Poizner is a successful businessman from Silicon Valley who started several companies, most notably SnapTrack, Inc., which integrated GPS technology with cell phones. He made a fortune when he sold the company. But the narrative he offers is far more compelling than the typical entrepreneur turned statesman. After selling Snaptrack, Poizner didn't immediately enter politics. Rather, he became a public school teacher in a poor neighborhood, even winning an award. This will help Poizner distance himself from other business moguls who struggle to overcome the condescending air of noblesse oblige. So will Poizner's not so genteel interest in martial arts--he just earned a black belt in karate.
Given his story and ability to finance his own campaign, it's hardly surprising that many political insiders say the future of the California GOP lies in the hands of Poizner. Since taking the helm of the California Department of Insurance, Poizner has proven adept in slashing red tape, declaring insurance emergencies to ensure valid claims are paid out quickly. Simultaneously, he has stepped up efforts to police fraud on the system. For the first time ever, Poizner notes, the insurance commissioner is in direct contact with district attorneys who prosecute insurance fraud. No one knows how much there is, but Poizner estimates that it amounts to $500 for every Californian. As insurance commissioner, Poizner may not be in a position to cut taxes, but he is doing what he can to lower premiums and save people their money.

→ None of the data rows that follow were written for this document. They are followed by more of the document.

Lemma pushout_cover_interior d :
  (exists c, d = i c) \/ exists x y, d = j (x, y) /\ 0 < depth x.
Proof.
case: (pushout_cover push d) => [|[[x y] ->]]; first by left.
have [x_bd|x_in] := pselect (bd_simplex_set R m x); last first.
  by right; exists x, y; split => //; exact: depth_gt0.
left; exists (att (exist _ x (mem_set x_bd), y)).
by case: push => _ _ /(congr1 (@^~ (exist _ x (mem_set x_bd), y))).
Qed.

Lemma pushout_bump {th : (Simplex R m * Y)%type -> R} : continuous th ->
  exists w : D -> R, [/\ continuous w, forall c, w (i c) = 0 &
    forall p, w (j p) = depth p.1 * th p].
Proof.
move=> cth; case: push => _ _ _ U.
have cdth : continuous (fun p : (Simplex R m * Y)%type => depth p.1 * th p).
  move=> p; apply: (continuousM (s := fun p => depth p.1)); last exact: cth.
  by apply: continuous_comp; [exact: cvg_fst|exact: continuous_depth].
have [|w [cw wi wj _]] := U R (fun=> 0) _ (@cst_continuous _ _ (0 : R)) cdth.
  by apply/funext => -[b y]; rewrite /= depth_bd mul0r.
exists w; split => // [c|p]; first exact: (congr1 (@^~ c) wi).
exact: (congr1 (@^~ p) wj).
Qed.

Lemma pushout_functionally_hausdorff :
  functionally_hausdorff R C -> functionally_hausdorff R Y -> extendable R i ->
  functionally_hausdorff R D.
Proof.
move=> FC FY ext_i.
have FSY := functionally_hausdorff_prod R (functionally_hausdorff_simplex R m) FY.
have [w1 [cw1 w1i w1j]] := pushout_bump (@cst_continuous _ _ (1 : R)).
have sep_ij c x y : 0 < depth x -> w1 (i c) <> w1 (j (x, y)).
  by rewrite w1i w1j mulr1 => /gt_eqF/eqP/nesym.
move=> a b.
case: (pushout_cover_interior a) => [[c1 ->]|[x1 [y1 [-> x1_in]]]];
case: (pushout_cover_interior b) => [[c2 ->]|[x2 [y2 [-> x2_in]]]] ab.
- have /FC[g [cg gc]] : c1 <> c2 by move=> c12; apply: ab; rewrite c12.
  have [g' [cg' g'i]] := ext_i g cg.
  by exists g'; split => //; rewrite -g'i in gc.
- by exists w1; split => //; exact: sep_ij.
- by exists w1; split => //; apply/nesym/sep_ij.
have /FSY[g [cg gp]] : (x1, y1) <> (x2, y2).
  by move=> p12; apply: ab; rewrite p12.
have [w2 [cw2 _ w2j]] := pushout_bump cg.
have [d12|d12] := eqVneq (depth x1) (depth x2).
  exists w2; split => //; rewrite !w2j /= d12.
  by move/(mulfI (lt0r_neq0 x2_in)).
by exists w1; split => //; rewrite !w1j !mulr1; exact/eqP.
Qed.

End CellAttachment.

Theorem lemma2p19 (R : realType) (X : topologicalType) (K : KWcomplex R X) :
  hausdorff_space X.
Proof.
have ext_incl n := pushout_extendable R (skel_pushout R X K n)
  (attach_cont R X K n) (bd_incl_extendable R n (cells R X K n)).
have FH_skel n : functionally_hausdorff R (skel R X K n).
  elim: n => [|n IH].
    exact: disj_union_functionally_hausdorff (skel0_dunion R X K).
  apply: (pushout_functionally_hausdorff (skel_pushout R X K n) IH).
    exact: disj_union_functionally_hausdorff (cells_dunion R X K n).
  exact: ext_incl.
apply: (functionally_hausdorff_hausdorff R).
apply: (seq_colimit_functionally_hausdorff R (colim R X K) _ ext_incl FH_skel).
by move=> n; case: (skel_pushout R X K n).
Qed.
(* Let $D$ be an integral domain. The following are equivalent: (i) $D$ is a PvMD; (ii) $D$ is essential and admits an essential representation of the form $\{D_{\mathfrak p}:\mathfrak p\in Y\}$, where $Y\subseteq\operatorname{Spec}(D)$ is quasi-compact with respect to the Zariski topology.
   Context: All rings are commutative with identity. For an integral domain $D$ with quotient field $K$ and nonzero fractional ideal $I$: $(D:I)=\{x\in K:xI\subseteq D\}$, $I^v=(D:(D:I))$, $I^t=\bigcup\{J^v:J\subseteq I \text{ finitely generated}\}$; $t$-ideals are $(0)$ and ideals with $I=I^t$; $t$-maximal ideals are $t$-ideals maximal among proper $t$-ideals. $D$ is a PvMD if $D_{\mathfrak m}$ is a valuation domain for all $t$-maximal $\mathfrak m$. A valuation overring is essential if it equals $D_{\mathfrak p}$ for a prime $\mathfrak p$; an essential representation of $D$ is a family of essential valuation overrings of $D$ with intersection $D$; $D$ is essential if it has one. The Zariski topology on $\operatorname{Spec}(D)$ has closed sets $V(\mathfrak a)=\{\mathfrak p:\mathfrak a\subseteq\mathfrak p\}$. *)

(* An integral domain D is an [R : idomainType]; its quotient
   field K is [{fraction R}], and D is identified with its image under
   [FracField.tofrac]. *)
From HB Require Import structures.
From Stdlib Require Import List.
From mathcomp Require Import all_boot all_order all_algebra fraction.
Set Implicit Arguments. Unset Strict Implicit. Unset Printing Implicit Defensive.
Import GRing.Theory.
Local Open Scope ring_scope.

This may be Poizner's first job as an elected official, but he has proven influential in the political scene. He campaigned against and personally spent $2 million to oppose Proposition 93, which sought to exempt current state legislators from previously enacted term limits. If approved, incumbents would have been able to serve an additional 12 years. Poizner's likely opponent should he run for governor, Attorney General Jerry Brown, tried to cover up this element of the proposal by giving the ballot initiative a misleading title. Despite being outspent more than 2 to 1, Poizner helped to defeat this self-serving proposal.
Poizner has not won all of his political battles. Along with Gov. Schwarzenegger, Poizner supported Proposition 77, which would have required a panel of judges to adopt a new redistricting plan after each national census. Led by Nancy Pelosi, the no campaign raised millions. Even though Proposition 77 ultimately lost, Poizner persuaded nearly every major newspaper editorial board in California to his side. "During the Prop 77 battle," Poizner tells me, "I learned how the entire political establishment, politicians from both parties and their special interest friends, were willing to say or do anything to stop real redistricting reform where fair and competitive elections would result."
In certain respects, the California GOP is in worse shape than it was before the recall. Since Gov. Schwarzenegger took office, the Democrats have increased their voter registration advantage from 8 to 11 percent. Gov. Schwarzenegger has also ceded a host of issues, and not just social ones like gay marriage and government funding of embryonic stem cell research. Gov. Schwarzenegger has abandoned the fiscally conservative policies he once championed; recently he even proposed a tax increase to close the budget deficit. This is not s surprise: Gov. Schwarzenegger may have hired veteran Republican operatives to run his reelection campaign, but Democrats like his chief of staff, Susan Kennedy, currently hold most of the top-slots in his administration.
Calling Democrats who opposed President Bush "a bunch of girlie men," Schwarzenegger brought a lot of flash to California politics, but hasn't exactly presented much substance. Poizner is more of a West Coast Mike Bloomberg: a businessman focused less on popularity than problem solving. It may be too big of a goal to win back the state legislature in the near future. Although it might be comforting to believe that there is some conservative constituency waiting to be found in California, this is probably naïve. Revitalizing the Republican party will start with the election of another Republican for governor and retaining enough seats in the state legislature to sustain vetoes. Republicans will only start winning majorities again if they can prove to independent voters that the party can be trusted with the reigns of power.
Whether Poizner can pull this off or will even run remains to be seen. But it is reassuring that two years after taking office, Poizner is still putting ideas on the table and talking about pro-business policies to turn around California's economy. In his stump speech, Poizner observes, Nevada has "no corporate income tax, no personal income tax, where workers compensation rates are 30% less, and the electricity stays on." Poizner recognizes that if California wants to keep business and jobs from leaving the state, it's going to have to change tax and spend ways.
In his inaugural address in November 2003, Schwarzenegger remarked, "It is true that things may get harder before they get better." That's a great line, and it's also great advice to the next Republican candidate for governor who still has many obstacles to overcome.
Jaime Sneider is a contributor to the WEEKLY STANDARD online, and previously served as a speechwriter to California gubernatorial candidate Bill Simon.